O catarinense Erik Amazonas sempre insistiu que seus alunos não saíssem da faculdade de veterinária sem conhecer o sistema endocanabinóide. Para o pesquisador e professor da Universidade Federal de Santa Catarina, os animais podem se beneficiar tanto quanto os humanos com os tratamentos com Cannabis, e não entende o receio que veterinários ainda têm em receitar.
Erik entrou na faculdade de veterinária porque queria trabalhar com genética, que o encantou desde o ensino médio. Da faculdade fez um mestrado acadêmico na USP e o doutorado na Universidade Federal de Pernambuco, sempre na área da genética. Logo que defendeu a tese, foi convidado para lecionar. Ficou mais um ano em Pernambuco, e depois foi a Santa Catarina, onde leciona na Federal até hoje.
Do genoma à Cannabis
Como tinha preconceito, Amazonas demorou a experimentar a Cannabis recreativa. Assim que fumou, descobriu que o que achava que sabia sobre a planta não fazia sentido, ele não ficava mais agressivo ou ansioso, pelo contrário. Mas fumava esporadicamente, só quando alguém tinha, nunca comprava.
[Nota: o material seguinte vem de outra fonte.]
(* For every $n$, there are finite alphabets $\Sigma_I,\Sigma_O$ and a finitary parity automaton $\mathcal{A}_n$ over $\Sigma_I\times\Sigma_O$ with $O(n)$ states such that, for every delay function $f$, Player $O$ wins $\Gamma_f(L(\mathcal{A}_n))$ if, and only if, $f(0)\ge 2^n+1$. Furthermore, for every such $f$ (i.e., with $f(0)\ge 2^n+1$), the cost of an optimal winning strategy for Player $O$ in $\Gamma_f(L(\mathcal{A}_n))$ is $2^n+1$.
   Context: A parity automaton with costs is a tuple $\mathcal{A}=(Q,\Sigma,q_I,\delta,\Omega,\mathrm{Cst})$ with a finite set $Q$ of states, a finite alphabet $\Sigma$, an initial state $q_I$, a deterministic complete transition function $\delta\colon Q\times\Sigma\to Q$, a coloring $\Omega\colon Q\to\mathbb{N}$ (with $\Omega(Q)$ containing both an even and an odd color), and a cost function $\mathrm{Cst}$ assigning to every transition $(q,a,\delta(q,a))$ either $\epsilon$ or $\mathtt{i}$ (increment-transition). It is a finitary parity automaton if every transition is an increment-transition. The run on $a_0a_1\cdots$ is $(q_0,a_0,q_1)(q_1,a_1,q_2)\cdots$ with $q_0=q_I$, $q_{j+1}=\delta(q_j,a_j)$; the cost of a finite run is its number of increment-transitions. For odd $c$, $\mathrm{Ans}(c)=\{c'\in\Omega(Q)\mid c'>c,\ c'\text{ even}\}$. For an infinite run $\rho$ and $n$, $\mathrm{Cor}(\rho,n)=0$ if $\Omega(q_n)$ is even, and otherwise it is the minimal cost of $(q_n,a_n,q_{n+1})\cdots(q_{n'-1},a_{n'-1},q_{n'})$ over $n'>n$ with $\Omega(q_{n'})\in\mathrm{Ans}(\Omega(q_n))$ ($\min\emptyset=\infty$). The run is accepting if $\limsup_n\mathrm{Cor}(\rho,n)<\infty$; $L(\mathcal{A})$ is the set of infinite words whose run is accepting. A delay function is a map $f\colon\mathbb{N}\to\mathbb{N}\setminus\{0\}$. For $L\subseteq(\Sigma_I\times\Sigma_O)^\omega$, the delay game $\Gamma_f(L)$ is played in rounds $i=0,1,2,\ldots$: in round $i$, Player $I$ picks $u_i\in\Sigma_I^{f(i)}$, then Player $O$ picks $v_i\in\Sigma_O$. Player $O$ wins the play if the outcome, i.e., the word over $\Sigma_I\times\Sigma_O$ pairing $\alpha=u_0u_1u_2\cdots$ and $\beta=v_0v_1v_2\cdots$ letterwise, is in $L$; otherwise Player $I$ wins. A strategy for Player $I$ is a map $\tau_I\colon\Sigma_O^*\to\Sigma_I^*$ with $|\tau_I(w)|=f(|w|)$; a strategy for Player $O$ is a map $\tau_O\colon\Sigma_I^*\to\Sigma_O$. A play is consistent with $\tau_I$ if $u_i=\tau_I(v_0\cdots v_{i-1})$ for all $i$, and with $\tau_O$ if $v_i=\tau_O(u_0\cdots u_i)$ for all $i$. A strategy is winning if every consistent play is won by its owner; a player wins the game if she has a winning strategy. For a winning strategy $\tau_O$ of Player $O$ in $\Gamma_f(L(\mathcal{A}))$, its cost is $\mathrm{Cst}_\mathcal{A}(\tau_O)=\sup_w\limsup_{n\to\infty}\mathrm{Cor}(\rho(w),n)$, where $w$ ranges over outcomes of plays consistent with $\tau_O$ and $\rho(w)$ is the run of $\mathcal{A}$ on $w$; a winning strategy is optimal if it has minimal cost among all winning strategies of Player $O$ in $\Gamma_f(L(\mathcal{A}))$. *)

From mathcomp Require Import all_boot.
Set Implicit Arguments. Unset Strict Implicit. Unset Printing Implicit Defensive.

(* Parity automaton with costs over alphabet Sigma.
   [pca_cst q a = true] means the transition (q,a,delta q a) is an
   increment-transition, [false] means it is an epsilon-transition. *)
Record pca (Sigma : finType) := PCA {
  pca_st : finType;
  pca_init : pca_st;
  pca_delta : pca_st -> Sigma -> pca_st;
  pca_col : pca_st -> nat;
  pca_cst : pca_st -> Sigma -> bool;
  pca_has_even : exists q, ~~ odd (pca_col q);
  pca_has_odd : exists q, odd (pca_col q)
}.
Arguments pca_st {Sigma} p.
Arguments pca_init {Sigma} p.
Arguments pca_delta {Sigma} p _ _.
Arguments pca_col {Sigma} p _.
Arguments pca_cst {Sigma} p _ _.

Section Auto.
Variables (Sigma : finType) (A : pca Sigma).

Definition finitary : Prop := forall q a, pca_cst A q a = true.

Fixpoint run (w : nat -> Sigma) (j : nat) : pca_st A :=
  match j with
  | 0 => pca_init A
  | j'.+1 => pca_delta A (run w j') (w j')
  end.

Definition seg_cost (w : nat -> Sigma) (n n' : nat) : nat :=
  \sum_(n <= j < n') (pca_cst A (run w j) (w j) : nat).

Definition answers (c c' : nat) : bool := odd c && ~~ odd c' && (c < c').

(* Cor_le w n k  <->  Cor(rho(w), n) <= k  (Cor is a min over answers,
   with min of the empty set = infinity, and 0 when the color is even). *)
Definition Cor_le (w : nat -> Sigma) (n k : nat) : Prop :=
  ~~ odd (pca_col A (run w n)) \/
  exists n', n < n' /\ answers (pca_col A (run w n)) (pca_col A (run w n'))
             /\ seg_cost w n n' <= k.

Definition limsup_Cor_le (w : nat -> Sigma) (k : nat) : Prop :=
  exists N, forall n, N <= n -> Cor_le w n k.

(* w in L(A) iff limsup_n Cor(rho(w),n) < oo *)
Definition accepts (w : nat -> Sigma) : Prop := exists k, limsup_Cor_le w k.

End Auto.

Definition delay_fun (f : nat -> nat) : Prop := forall i, 0 < f i.

Section Game.
Variables (SI SO : finType) (f : nat -> nat).

Definition strategyO := seq SI -> SO.

Definition blk_end (i : nat) : nat := \sum_(j < i.+1) f j.

(* Outcome of the play in which Player I's letters form alpha = u_0 u_1 ...
   (with |u_i| = f i) and Player O plays v_i = tau (u_0 ... u_i). *)
Definition outcome (tau : strategyO) (alpha : nat -> SI) : nat -> (SI * SO)%type :=
  fun i => (alpha i, tau (mkseq alpha (blk_end i))).

Definition winningO (L : (nat -> (SI * SO)%type) -> Prop) (tau : strategyO) : Prop :=
  forall alpha, L (outcome tau alpha).

Definition O_wins (L : (nat -> (SI * SO)%type) -> Prop) : Prop :=
  exists tau, winningO L tau.

Definition strat_cost_le (A : pca (SI * SO)%type) (tau : strategyO) (k : nat) : Prop :=
  forall alpha, limsup_Cor_le A (outcome tau alpha) k.

Definition optimal_cost (A : pca (SI * SO)%type) (k : nat) : Prop :=
  (exists tau, winningO (accepts A) tau /\ strat_cost_le A tau k /\
               forall j, strat_cost_le A tau j -> k <= j) /\
  (forall tau j, winningO (accepts A) tau -> strat_cost_le A tau j -> k <= j).

End Game.

From mathcomp Require Import all_boot zify.
Set Implicit Arguments. Unset Strict Implicit. Unset Printing Implicit Defensive.

(* Player I writes letters 0 .. n+1 (with a flag bit) and every answer j of Player O
   starts a tracker for j, which stops as soon as j occurs twice with no larger letter
   in between, or once if j >= n; after a stop the automaton waits, in its only even
   state, for the next flagged position, which starts a new tracker.  Reading bit j < n
   as "j occurred since the last larger letter", every letter that stops no tracker
   increments the resulting binary counter, so any 2^n consecutive letters stop some
   tracker, while the ruler word 0 1 0 2 0 1 0 ... of length 2^n - 1 stops none.
   With lookahead f(0) >= 2^n + 1, Player O names a tracker that stops within the next
   2^n letters, which costs at most 2^n + 1 (one more step reaches the waiting state).
   With less lookahead, Player I plays the ruler word after O's first answer j and then
   a letter other than j forever.  Repeating the ruler word with a flag every 2^n + 1
   positions forces cost 2^n + 1 on every winning strategy. *)

Section Tracker.
Variable n : nat.

Definition track (j : nat) (b : bool) (a : nat) : option bool :=
  if a == j then (if b || (n <= j) then None else Some true)
  else Some (b && (a < j)).

Fixpoint tracks (j : nat) (b : bool) (s : seq nat) : option bool :=
  if s is a :: s' then obind (tracks j ^~ s') (track j b a) else Some b.

Lemma tracks_cat j b s1 s2 :
  tracks j b (s1 ++ s2) = obind (tracks j ^~ s2) (tracks j b s1).
Proof. by elim: s1 b => //= a s1 IH b; case: track. Qed.

Lemma tracks_rcons j b s a :
  tracks j b (rcons s a) = obind (track j ^~ a) (tracks j b s).
Proof. by rewrite -cats1 tracks_cat; case: tracks => //= b'; case: track. Qed.

Lemma tracks_take j b s k : tracks j b s != None -> tracks j b (take k s) != None.
Proof. by rewrite -{1}(cat_take_drop k s) tracks_cat; case: tracks. Qed.

Lemma tracks_small j b s : all (ltn^~ j) s -> tracks j b s = Some b.
Proof.
elim: s => //= a s IH /andP[lt_aj small_s].
by rewrite /track ltn_eqF // lt_aj andbT /= IH.
Qed.

Lemma tracks_nseq j b m a : a != j -> tracks j b (nseq m a) != None.
Proof. move=> /negbTE neq_aj; by elim: m b => //= m IH b; rewrite /track neq_aj /=. Qed.

Lemma mem_tracks_None j b s : tracks j b s = None -> j \in s.
Proof.
elim: s b => //= a s IH b; rewrite in_cons /track.
by case: eqP => [-> | _ /IH ->]; rewrite ?eqxx ?orbT.
Qed.

Fixpoint ruler (m : nat) : seq nat :=
  if m is m'.+1 then ruler m' ++ m' :: ruler m' else [::].

Lemma ruler_lt m j : m <= j -> all (ltn^~ j) (ruler m).
Proof.
elim: m => //= m IH lt_mj; rewrite all_cat /= lt_mj IH ?(ltnW lt_mj) //.
Qed.

Lemma size_ruler m : size (ruler m) = (2 ^ m).-1.
Proof. elim: m => //= m IH; rewrite size_cat /= IH expnS; have := expn_gt0 2 m; lia. Qed.

Lemma tracks_ruler m j : m <= n -> tracks j false (ruler m) = Some (j < m).
Proof.
elim: m => [|m IH] lt_mn /=; first by rewrite ltn0.
rewrite tracks_cat IH ?(ltnW lt_mn) //= /track.
case: (ltngtP j m) => [lt_jm | lt_mj | ->].
- by rewrite /= IH ?(ltnW lt_mn) // lt_jm ltnW.
- rewrite /= tracks_small; last exact/ruler_lt/ltnW.
  by rewrite ltnS leqNgt lt_mj.
- by rewrite leqNgt lt_mn /= tracks_small ?ltnSn // ruler_lt.
Qed.

Lemma nth_ruler_lt c j : c < n.+2 -> nth c (ruler n) j < n.+2.
Proof.
move=> lt_c; have [lt_j | ge_j] := ltnP j (size (ruler n)); last by rewrite nth_default.
exact: (allP (ruler_lt (leqW (leqnSn n)))) _ (mem_nth c lt_j).
Qed.

Definition bitsum (m : nat) (x : nat -> bool) : nat := \sum_(i < m) x i * 2 ^ i.

Lemma bitsum_lt m x : bitsum m x < 2 ^ m.
Proof.
elim: m => [|m IH]; first by rewrite /bitsum big_ord0.
by rewrite /bitsum big_ord_recr /= -/(bitsum m x) expnS; case: (x m) => /=; lia.
Qed.

Lemma bitsum_ltn m a (x y : nat -> bool) : a < m -> ~~ x a -> y a ->
  (forall j, a < j < m -> x j = y j) -> bitsum m x < bitsum m y.
Proof.
elim: m => // m IH lt_am xa ya eq_xy.
rewrite /bitsum !big_ord_recr /= -/(bitsum m x) -/(bitsum m y).
have [lt_am' | eq_am] := ltnP a m.
  rewrite eq_xy ?lt_am' ?ltnSn // ltn_add2r.
  by apply: IH => // j /andP[? ?]; apply: eq_xy; lia.
have {}eq_am : a = m by lia.
by subst a; rewrite (negbTE xa) ya /=; have := bitsum_lt m x; lia.
Qed.

Definition counter (s : seq nat) : nat :=
  bitsum n (fun i => tracks i false s == Some true).

(* Each letter sets the bit of its own tracker and changes only lower bits. *)
Lemma size_le_counter s : (forall j, tracks j false s != None) -> size s <= counter s.
Proof.
elim/last_ind: s => // s a IH total.
have total_s j : tracks j false s != None.
  by apply: contra (total j) => /eqP; rewrite tracks_rcons => ->.
rewrite size_rcons; apply: leq_ltn_trans (IH total_s) _.
have [ba tr_a] : exists ba, tracks a false s = Some ba.
  by case: tracks (total_s a) => // ba _; exists ba.
have [ba_false lt_an] : ba = false /\ a < n.
  by move: (total a); rewrite tracks_rcons tr_a /= /track eqxx; case: ba {tr_a}; case: leqP.
apply: (bitsum_ltn lt_an); first by rewrite tr_a ba_false.
  by rewrite tracks_rcons tr_a ba_false /= /track eqxx leqNgt lt_an.
move=> j /andP[lt_aj _]; rewrite tracks_rcons.
case: tracks (total_s j) => //= bj _.
by rewrite /track ltn_eqF // lt_aj andbT.
Qed.

Lemma has_tracks_None s : 2 ^ n <= size s -> has (fun j => tracks j false s == None) s.
Proof.
apply: contraLR; rewrite -ltnNge => /hasPn none.
suff total j : tracks j false s != None.
  by apply: leq_ltn_trans (size_le_counter total) (bitsum_lt _ _).
have [/none // | notin] := boolP (j \in s).
by apply: contra notin => /eqP; apply: mem_tracks_None.
Qed.

End Tracker.

Section GeneralFacts.
Variables (Sigma : finType) (A : pca Sigma) (w : nat -> Sigma).

Lemma runS t : run A w t.+1 = pca_delta A (run A w t) (w t).
Proof. by []. Qed.

Lemma Cor_leW t k k' : k <= k' -> Cor_le A w t k -> Cor_le A w t k'.
Proof.
move=> le_kk' [even | [t' [lt_tt' [ans cost]]]]; first by left.
by right; exists t'; split; last split; last exact: leq_trans le_kk'.
Qed.

Lemma seg_cost_finitary t t' : finitary A -> seg_cost A w t t' = t' - t.
Proof.
move=> fin; rewrite /seg_cost; under eq_bigr do rewrite fin.
by rewrite sum_nat_const_nat muln1.
Qed.

Lemma accepts_even_after : accepts A w ->
  forall t, exists2 t', t <= t' & ~~ odd (pca_col A (run A w t')).
Proof.
move=> [k [N Cor_N]] t; have [|even|[t' [lt_t' [ans _]]]] := Cor_N (maxn N t).
- exact: leq_maxl.
- by exists (maxn N t); first exact: leq_maxr.
- exists t'; last by case/andP: ans => /andP[].
  by apply: leq_trans (ltnW lt_t'); apply: leq_maxr.
Qed.

End GeneralFacts.

Section Automaton.
Variable n : nat.

Notation letterI := (bool * 'I_n.+2)%type.
Notation letterO := 'I_n.+2.
(* [inl (j, b)] tracks letter j, with b telling whether j occurred since the last
   larger letter. *)
Notation state := ('I_n.+2 * bool + bool)%type.

Definition waiting : state := inr true.
Definition stopped : state := inr false.

Definition step (s : state) (x : letterI * letterO) : state :=
  let: (flag, a, o) := x in
  match s with
  | inl (j, b) => if track n j b a is Some b' then inl (j, b') else stopped
  | inr true => if flag then inl (o, false) else waiting
  | inr false => waiting
  end.

Definition color (s : state) : nat := if s is inr true then 2 else 1.

Lemma color_even s : ~~ odd (color s) -> s = waiting.
Proof. by case: s => [[]|[]]. Qed.

Lemma color_has_even : exists s, ~~ odd (color s).
Proof. by exists waiting. Qed.

Lemma color_has_odd : exists s, odd (color s).
Proof. by exists stopped. Qed.

Definition aut : pca (letterI * letterO)%type :=
  @PCA _ state waiting step color (fun _ _ => true) color_has_even color_has_odd.

Lemma card_aut : #|pca_st aut| = 2 * n + 6.
Proof. by rewrite /= card_sum card_prod !card_ord card_bool; lia. Qed.

Lemma step_tracking_neq_waiting jb x : step (inl jb) x != waiting.
Proof. by case: jb x => j b [[flag a] o] /=; case: track. Qed.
Em 2014, conheceu pessoas que plantavam em casa, e foi apresentado à flor da planta. Então veio a mudança radical em termos de percepção, tanto da planta, quanto pessoal. Amazonas sentiu uma melhoria de comportamento nos relacionamentos profissionais, “eu escolhia quais brigas comprar”. Com esses resultados, usando apenas as flores, ele foi pesquisar a ciência da planta. Viu estudos da medicina canabinoide humana e descobriu estudos a que nunca tinha foi apresentado na academia. Seu interesse nos estudos humanos foram estimulados pelos ensaios pré-clínicos, que tinham sido feitos em porcos, cães, gatos, cabras, além dos ratos. Eram todos os animais que ele já estudava e tratava no seu dia a dia.
Testes em animais
Amazonas procurou estudos veterinários, mas o que tinha vinha de fora, principalmente dos EUA, Canadá e Europa. E descobriu que o sistema endocanabinóide dos animais é o mesmo dos humanos, com algumas peculiaridades de cada espécie. Que os benefícios são os mesmos já reportados nos humanos.
Por isso mesmo Amazonas não entende o preconceito de veterinários em prescrever. O argumento de médicos humanos é a falta de testes clínicos em humanos. E esse problema os veterinários não têm, pois todos os estudos já publicados sobre Cannabis foram antes testados em animais.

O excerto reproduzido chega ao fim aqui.